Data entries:
[Start of section]

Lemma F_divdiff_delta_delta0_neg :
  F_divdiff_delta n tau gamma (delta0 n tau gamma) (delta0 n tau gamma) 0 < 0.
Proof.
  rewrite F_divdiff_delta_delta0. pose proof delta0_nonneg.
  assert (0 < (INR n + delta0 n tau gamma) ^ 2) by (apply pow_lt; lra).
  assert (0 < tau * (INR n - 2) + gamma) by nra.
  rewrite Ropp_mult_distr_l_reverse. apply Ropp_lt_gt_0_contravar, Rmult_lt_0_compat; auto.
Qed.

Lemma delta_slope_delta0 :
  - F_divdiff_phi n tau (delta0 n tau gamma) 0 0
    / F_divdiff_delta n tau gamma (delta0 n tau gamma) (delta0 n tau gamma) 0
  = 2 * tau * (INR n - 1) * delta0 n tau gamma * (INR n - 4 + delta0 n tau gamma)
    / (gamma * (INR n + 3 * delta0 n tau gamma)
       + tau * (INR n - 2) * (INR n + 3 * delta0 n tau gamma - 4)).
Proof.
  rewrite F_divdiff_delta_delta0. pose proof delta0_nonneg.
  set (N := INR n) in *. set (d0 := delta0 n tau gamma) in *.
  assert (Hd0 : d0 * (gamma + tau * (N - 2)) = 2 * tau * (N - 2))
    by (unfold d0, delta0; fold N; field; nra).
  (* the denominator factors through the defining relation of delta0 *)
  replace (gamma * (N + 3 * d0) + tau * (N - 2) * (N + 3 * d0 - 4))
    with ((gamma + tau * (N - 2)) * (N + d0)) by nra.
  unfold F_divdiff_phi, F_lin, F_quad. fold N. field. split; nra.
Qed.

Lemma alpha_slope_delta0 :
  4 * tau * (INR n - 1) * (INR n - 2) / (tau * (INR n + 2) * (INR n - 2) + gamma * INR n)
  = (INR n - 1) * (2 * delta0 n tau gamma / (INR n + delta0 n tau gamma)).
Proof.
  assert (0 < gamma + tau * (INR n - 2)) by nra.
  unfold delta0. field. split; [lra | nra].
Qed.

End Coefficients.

[End of section]
[Start of section]

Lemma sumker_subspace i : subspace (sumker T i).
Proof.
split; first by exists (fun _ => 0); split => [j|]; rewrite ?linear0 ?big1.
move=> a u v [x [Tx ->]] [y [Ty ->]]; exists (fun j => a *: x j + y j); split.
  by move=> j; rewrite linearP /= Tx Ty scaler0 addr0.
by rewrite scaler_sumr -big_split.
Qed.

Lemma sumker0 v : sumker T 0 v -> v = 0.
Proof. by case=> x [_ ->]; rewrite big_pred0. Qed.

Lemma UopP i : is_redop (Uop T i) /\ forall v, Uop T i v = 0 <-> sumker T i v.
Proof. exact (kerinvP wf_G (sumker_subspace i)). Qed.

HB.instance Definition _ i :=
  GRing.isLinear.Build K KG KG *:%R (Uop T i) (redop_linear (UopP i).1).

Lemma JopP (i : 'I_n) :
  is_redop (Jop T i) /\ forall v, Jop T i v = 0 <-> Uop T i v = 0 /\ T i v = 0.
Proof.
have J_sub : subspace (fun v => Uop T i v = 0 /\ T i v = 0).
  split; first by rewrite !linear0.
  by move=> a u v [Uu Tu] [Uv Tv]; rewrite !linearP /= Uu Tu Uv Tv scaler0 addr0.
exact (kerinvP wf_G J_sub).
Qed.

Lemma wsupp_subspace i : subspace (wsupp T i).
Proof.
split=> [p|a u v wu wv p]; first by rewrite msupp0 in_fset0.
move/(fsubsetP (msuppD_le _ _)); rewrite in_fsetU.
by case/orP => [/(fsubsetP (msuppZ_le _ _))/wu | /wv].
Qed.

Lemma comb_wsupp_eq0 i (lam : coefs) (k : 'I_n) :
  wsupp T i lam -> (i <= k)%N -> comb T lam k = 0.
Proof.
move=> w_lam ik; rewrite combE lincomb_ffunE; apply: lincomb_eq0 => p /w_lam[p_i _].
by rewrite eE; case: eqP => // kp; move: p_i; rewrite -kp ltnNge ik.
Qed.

[End of section]
[Start of section]

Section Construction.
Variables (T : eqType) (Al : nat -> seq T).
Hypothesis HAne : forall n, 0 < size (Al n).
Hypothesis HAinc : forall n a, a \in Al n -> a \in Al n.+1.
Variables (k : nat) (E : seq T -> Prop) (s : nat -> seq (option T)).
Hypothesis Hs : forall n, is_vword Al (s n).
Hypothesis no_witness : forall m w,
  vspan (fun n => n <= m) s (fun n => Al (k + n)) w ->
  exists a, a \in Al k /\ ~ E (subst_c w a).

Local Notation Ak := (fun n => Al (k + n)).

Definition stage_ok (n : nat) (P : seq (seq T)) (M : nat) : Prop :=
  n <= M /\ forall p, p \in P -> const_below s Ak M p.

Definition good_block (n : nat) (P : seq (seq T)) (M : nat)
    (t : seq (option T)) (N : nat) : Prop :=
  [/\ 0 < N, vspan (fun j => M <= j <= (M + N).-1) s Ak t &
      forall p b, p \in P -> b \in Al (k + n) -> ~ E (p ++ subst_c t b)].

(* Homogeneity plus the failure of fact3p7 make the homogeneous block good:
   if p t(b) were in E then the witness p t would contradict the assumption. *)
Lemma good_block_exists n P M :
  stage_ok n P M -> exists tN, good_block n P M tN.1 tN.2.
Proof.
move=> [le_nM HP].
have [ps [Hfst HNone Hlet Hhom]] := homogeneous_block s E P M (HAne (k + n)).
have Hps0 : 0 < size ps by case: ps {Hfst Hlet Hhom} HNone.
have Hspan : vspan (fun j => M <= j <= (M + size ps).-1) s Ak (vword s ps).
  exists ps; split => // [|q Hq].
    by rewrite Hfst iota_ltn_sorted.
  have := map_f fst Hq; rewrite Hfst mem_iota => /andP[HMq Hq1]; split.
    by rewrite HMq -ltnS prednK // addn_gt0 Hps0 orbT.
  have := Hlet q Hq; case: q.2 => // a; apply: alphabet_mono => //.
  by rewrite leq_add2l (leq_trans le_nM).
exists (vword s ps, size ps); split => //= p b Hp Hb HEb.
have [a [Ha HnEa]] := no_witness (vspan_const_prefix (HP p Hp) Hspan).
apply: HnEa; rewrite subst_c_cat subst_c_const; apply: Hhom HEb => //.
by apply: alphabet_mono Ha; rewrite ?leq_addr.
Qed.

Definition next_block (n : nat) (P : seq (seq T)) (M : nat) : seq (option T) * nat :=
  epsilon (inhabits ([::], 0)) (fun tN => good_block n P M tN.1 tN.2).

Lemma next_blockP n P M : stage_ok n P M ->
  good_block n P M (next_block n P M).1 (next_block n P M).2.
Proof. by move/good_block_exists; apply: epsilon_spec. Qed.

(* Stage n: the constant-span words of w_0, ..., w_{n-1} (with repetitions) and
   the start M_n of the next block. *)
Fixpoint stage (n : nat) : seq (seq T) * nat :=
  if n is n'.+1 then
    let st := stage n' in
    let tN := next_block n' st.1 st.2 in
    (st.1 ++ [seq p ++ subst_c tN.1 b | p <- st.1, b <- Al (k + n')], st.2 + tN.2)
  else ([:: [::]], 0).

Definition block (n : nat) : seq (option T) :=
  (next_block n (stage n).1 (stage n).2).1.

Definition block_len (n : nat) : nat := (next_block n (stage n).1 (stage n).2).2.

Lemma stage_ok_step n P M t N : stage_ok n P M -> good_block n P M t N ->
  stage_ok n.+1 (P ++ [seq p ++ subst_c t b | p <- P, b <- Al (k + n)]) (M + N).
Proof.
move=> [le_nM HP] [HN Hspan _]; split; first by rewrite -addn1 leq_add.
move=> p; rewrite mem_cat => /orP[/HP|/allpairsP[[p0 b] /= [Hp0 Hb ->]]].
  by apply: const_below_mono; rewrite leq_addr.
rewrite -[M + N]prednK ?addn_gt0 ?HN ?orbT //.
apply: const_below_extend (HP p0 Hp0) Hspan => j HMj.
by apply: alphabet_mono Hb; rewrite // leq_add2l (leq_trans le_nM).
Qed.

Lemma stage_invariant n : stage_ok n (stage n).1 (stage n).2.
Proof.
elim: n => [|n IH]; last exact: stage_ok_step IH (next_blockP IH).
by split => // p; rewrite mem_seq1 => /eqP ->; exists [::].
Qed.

[End of section]

WORK ORDER
Which lines above carry the string "fsubsetP"? Copy those lines.

ANSWER BOX
move/(fsubsetP (msuppD_le _ _)); rewrite in_fsetU.
by case/orP => [/(fsubsetP (msuppZ_le _ _))/wu | /wv].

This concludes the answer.